The little museum is cold and dark. I am the sole visitor, spending hours fascinated with the Niagara Falls geology, mooning over yellowed song sheets with musical patterns like waterfalls, and gawking at the contraptions Niagara’s daredevils have used to go over the Horseshoe Falls. There is a black cylinder like a windowless submarine, an orange metal sphere like a giant Orange Julius - a steel-reinforced rubber ball, a modified pickle barrel wedged inside truck inner tubes, a thing made of truck inner tubes webbed in fishnet, and barrels constructed of thick Russian oak... aluminium... metal... plastic.
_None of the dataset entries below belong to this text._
Lemma lclass_split_cover (A B : Top) (f : cmap A B) : lclass C_T A B f ->
  forall O1 O2 : A -> Prop, is_open O1 -> is_open O2 -> (forall a, O1 a \/ O2 a) ->
  exists P1 P2 : B -> Prop, is_open P1 /\ is_open P2 /\ (forall b, P1 b \/ P2 b) /\
    (forall a, P1 (f a) -> O1 a) /\ (forall a, P2 (f a) -> O2 a).
Proof.
  intros Hf O1 O2 H1 H2 Hcov.
  set (g := fun a => if excluded_middle_informative (O1 a) then
                       if excluded_middle_informative (O2 a) then po else pa
                     else pb).
  assert (Hg1 : forall a, g a <> pb <-> O1 a).
  { intros a. unfold g. destruct (excluded_middle_informative (O1 a));
      [destruct (excluded_middle_informative (O2 a))|];
      split; intros; first [congruence | tauto]. }
  assert (Hg2 : forall a, g a <> pa <-> O2 a).
  { intros a. unfold g. destruct (Hcov a); destruct (excluded_middle_informative (O1 a));
      try destruct (excluded_middle_informative (O2 a));
      split; intros; first [congruence | tauto]. }
  set (i := vspace_map A g (open_ext _ _ _ H1 (fun a => iff_sym (Hg1 a)))
                           (open_ext _ _ _ H2 (fun a => iff_sym (Hg2 a)))).
  destruct (Hf vspace pt (to_pt vspace) CT_vspace i (to_pt B) (fun _ => eq_refl))
    as [h [Hh _]].
  exists (fun b => h b <> pb), (fun b => h b <> pa).
  split; [apply (cont _ _ h (fun t => t <> pb)); intros _; discriminate|].
  split; [apply (cont _ _ h (fun t => t <> pa)); intros _; discriminate|].
  split; [intros b; destruct (fn h b); [left|left|right]; discriminate|].
  split; intros a; rewrite Hh; [apply Hg1 | apply Hg2].
Qed.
Then there are the newspaper headlines and clippings, with photos of “rescued” ‘stunters’ in the emergency room of Greater Niagara General Hospital. Retrieving ‘stunters’ is so risky for Parks rescuers that the “unlawful performance of a stunt” gets a jail sentence and $25,000 fine. Until around 1984, it was a non-arrestable offence and the fine was only $100-500. In the days before Annie’s barrel, and when “The Great Blondin” from France strung his 1,300 foot long, three-inch thick, hemp tightrope 190 feet over the Niagara Gorge and teetered across, crowds gathered on both shores to gape at these spectacles.

“Astounding! amazing! Death-defying!” trumpeted the 1860 headlines announcing The Great Blondin. He performed this remarkable feat “blind-folded in a sack pushing a wheelbarrow on stilts with his manager on his back.” And I thought it was all at once, until I realized the Wax Museum text had left out all the commas!

Reading the bios, I notice that many of the 'stunters' were in their 40’s. Was it all mid-life crisis driven? John D. Munday was 48, George L. Stathakis, the Greek chef from Buffalo who suffocated while his barrel was trapped behind a wall of water for 22 hours, was 46. Charles G. Stevens was a 38-year old English barber. His barrel of thick Russian oak crushed on impact, and all that was ever found of him was a tattooed arm and a single rib.

And how’s this for irony:

Bobby Leach, the first man to survive a barrel plunge, on July 25, 1911 made it in vaudeville as “The Canadian Daredevil” but died in 1926 - after slipping on a banana peel!!! And Annie Taylor died penniless, yet underneath the waters where her barrel landed, was a fortune in coins!

In 1969 the U.S. Army Corps of Engineers built a coffer dam to install seismic sensors to prevent earth-quaking rockslides. Scattered over the temporarily drained riverbed they found a carpet of fossils, Amerindian artefacts, human bones - and thousands of coins tossed by visitors from everywhere, nickels, dimes, francs, pesos, - and- ha! - even gold doubloons!